Jodi Romine is just your typical 26 year-old. Like most students, Jodi took out a student loan so that she could afford university in hopes of securing a better future. Definitely a good investment, right?
Jodi, profiled last year in the Wall Street Journal, has a degree in business-management, but owes $74,000 in student loans. Sixty percent of her bank teller’s monthly income goes towards her loans. She also works a second job in a daily struggle to keep up with her payments.
Jodi’s partner, Dean, is a 31 year-old full-time masters student. He also teaches, coaches high school sports, and works weekends at a restaurant. Forty percent of his paycheck goes towards his own share of student loans.
Jodi and Dean cannot buy a house and decided to delay marriage and family since they cannot afford it. And they’re not the only ones.
Approximately 37 million other graduates are in similarly overwhelming straits. Outstanding student loan debt now totals close to $1 trillion nationally, surpassing credit card debt for the first time. This number is triple what it was in 2004 and the number of borrowers has increased by 70 percent.
Like millions of other Americans, Jodi and Dean didn’t realize that getting a college degree would not guarantee a decent paying job, or any job. Instead, young people are facing a terrible job market, making it even more challenging to pay back their mounting debt.
The student loan business has a long history of being subsided by the government—when Jodi and Dean were in school the US Department of Education subsidized banks and private lenders in addition to directly financing 1/3 of all student loans. In 2010, however, a provision in Obamacare restructured the student loan industry, removing banks and other private “middlemen” from the equation. Instead, the government gained almost complete power to directly issue and guarantee student loans. Today, 93 percent of all student loans are backed by the federal government.
The average balance of student loan debt is around $25,000. Meanwhile, a shocking 53 percent of recent college graduates under the age of 25 are either unemployed or underemployed. In order to make ends meet and pay off some of their debt, just like Jodi and Dean, many bachelor degree-holders resort to working multiple jobs that very often do not even require any degree at all. An estimated 37.8 percent of recent graduates have taken jobs that only ask for high school education, pushing non college-educated youth out of the job market.
Whether employed, underemployed or unemployed, one thing is certain: college grads in debt are having a tough time. Of course, a debt load has a negative effect on a person’s borrowing power; however, coupled with a tough labor market, young people are facing even more restricting conditions than they did in the past. About 17 percent of student borrowers are delinquent on their payments by at least 3 months, making it hard to do all the normal things people in their 20’s need to do in order to establish themselves. For example, student loan debt makes it extremely difficult for recent grads to qualify for a credit card—bank standards have tightened dramatically since 2008.
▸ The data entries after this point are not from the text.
(* Let $M$ be a finitely generated $R$-module with $n={\rm rk}(M)$. Let $U$ be an additive subgroup of $M$ with $e(U)=e<\infty$ and $r_{M,U}=ne-{\rm rk}_e(U)>0$, let $b>0$ be an integer, and let $r'$ be a nonnegative integer with $r'<r_{M,U}\,b$. Then there exists a sequence $(U_m)$ of additive subgroups with $U\subset U_m\subset M$, $U_m\ne U$, $e(U_m)=eb$, $U_m\to U$ (in the space of subsets of $M$), and $r_{M,U_m}=r'$.
   Context: $R=\mathbb{F}_p[x,x^{-1}]$, $p$ prime. For an additive subgroup $U$ of an $R$-module, $e(U)$ is the minimal positive integer $e$ with $x^eU=U$, and $+\infty$ if none exists. The rank ${\rm rk}(M)$ of a finitely generated $R$-module is the maximal number of elements freely generating a free submodule ($0$ if none). If $x^mU=U$, ${\rm rk}_m(U)$ is the rank of $U$ regarded as an $R$-module via $x\ast u=x^mu$. For $U$ with $e=e(U)<\infty$, $r_{M,U}=\,{\rm rk}(M)\,e-{\rm rk}_e(U)$. Convergence of subsets $U_m\to U$ of $M$ means pointwise convergence of indicator functions. *)

(* An R-module, R = F_p[x,x^-1], is encoded as an abelian
   group M with p*M = 0 together with the additive automorphism sigma = (x * _)
   and its inverse tau = (x^-1 * _). *)
From mathcomp Require Import all_boot all_order all_algebra.
Set Implicit Arguments. Unset Strict Implicit. Unset Printing Implicit Defensive.
Import GRing.Theory.
Local Open Scope ring_scope.

(* A Laurent polynomial over F_p represented as x^{-N} * q(x), a pair (N, q);
   it is zero iff q = 0. *)
Definition laurent (p : nat) := (nat * {poly 'F_p})%type.

Section Defs.
Variables (p : nat) (M : zmodType).

Definition lact (s t : M -> M) (c : laurent p) (v : M) : M :=
  iter c.1 t (\sum_(i < size c.2) (iter i s v) *+ nat_of_ord (c.2)`_i).

Definition lindep (s t : M -> M) (k : nat) (g : 'I_k -> M) : Prop :=
  forall c : 'I_k -> laurent p,
    \sum_(i < k) lact s t (c i) (g i) = 0 -> forall i, (c i).2 = 0.

Definition has_rank (s t : M -> M) (S : M -> Prop) (r : nat) : Prop :=
  (exists g : 'I_r -> M, (forall i, S (g i)) /\ lindep s t g) /\
  (forall k (g : 'I_k -> M), (forall i, S (g i)) -> lindep s t g -> (k <= r)%N).

Definition fin_gen (s t : M -> M) : Prop :=
  exists k (g : 'I_k -> M), forall m : M,
    exists c : 'I_k -> laurent p, m = \sum_(i < k) lact s t (c i) (g i).

Definition add_subgroup (U : M -> Prop) : Prop :=
  U 0 /\ (forall a b, U a -> U b -> U (a + b)) /\ (forall a, U a -> U (- a)).

Definition img_eq (f : M -> M) (U : M -> Prop) : Prop :=
  (forall u, U u -> U (f u)) /\ (forall m, U m -> exists u, U u /\ f u = m).

Definition is_e (s : M -> M) (U : M -> Prop) (e : nat) : Prop :=
  (0 < e)%N /\ img_eq (iter e s) U /\
  (forall e', (0 < e')%N -> (e' < e)%N -> ~ img_eq (iter e' s) U).

(* pointwise convergence of indicator functions *)
Definition set_cvg (Us : nat -> M -> Prop) (U : M -> Prop) : Prop :=
  forall v, exists N, forall m, (N <= m)%N -> (Us m v <-> U v).

End Defs.

From mathcomp Require Import all_boot all_order all_algebra.
From mathcomp Require Import ring zify.
From Stdlib Require Import Classical FunctionalExtensionality.
Set Implicit Arguments. Unset Strict Implicit. Unset Printing Implicit Defensive.
Import GRing.Theory.
Local Open Scope ring_scope.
Additionally, recent grads are finding it increasingly difficult to buy a home. In 2005, about 9 percent of people aged 25-30 with student loan debt were able to get a mortgage. Last year, this number fell to about 4 percent. Whereas the housing market used to depend on first-time homebuyers between the ages 25-34 to make up half of the total property purchases, this age group now makes up the smallest share of the housing market than it has in more than a decade. In an attempt to lure this huge portion of buyers back, property owners are forced to lower prices, depressing an already depressed housing market.
Without home ownership or sufficient income that can help pay off the loans (that will forever follow them; student loans cannot be discharged in bankruptcy), recent graduates face a future secure in only one thing: debt.
We can only speculate how much worse it will get as more and more people graduate under the new Obama loan regime, given that now almost anyone qualifies for a student loan and the amount granted does not depend upon whether the candidate’s degree is in a highly employable field or not.
But we do know one thing: the student loan industry’s distortionary powers are likely to continue hurting job, loan and housing markets in a variety of ways. For example, since young people in debt are obstructed from taking out other types of loans, it will be difficult for future businessmen to finance startup companies, destroying potential jobs for untold numbers of other workers.
Similarly, as young people are less likely to buy homes, the housing market will continue to suffer—as demand for homes decreases, there will be fewer opportunities for workers in industries such as construction, engineering, architecture, etc.
Finally, young people with student loan debt will likely continue to delay marriage, postpone having children or decide to have smaller families. The fertility rate in America has already declined; a smaller fertility rate means fewer workers for the future labor market. Ghosts of workers who never were can’t support the elderly who are.
Were these issues not brought up during the debates about Obamacare? If so, I didn’t hear it. Perhaps, it was inconvenient for our government officials to bring them up because the underlying incentive of restructuring of the student loan system was not actually to enhance students’ ability to afford college or build a stable future. Is it too much to speculate that this “education” provision was incorporated into Obamacare to increase the government’s revenue through the collection of interest, helping indirectly to finance the new health system?
The college market automatically affects the job market. Government interference in the former, then, will necessarily distort the latter. Just ask Jodi and Dean.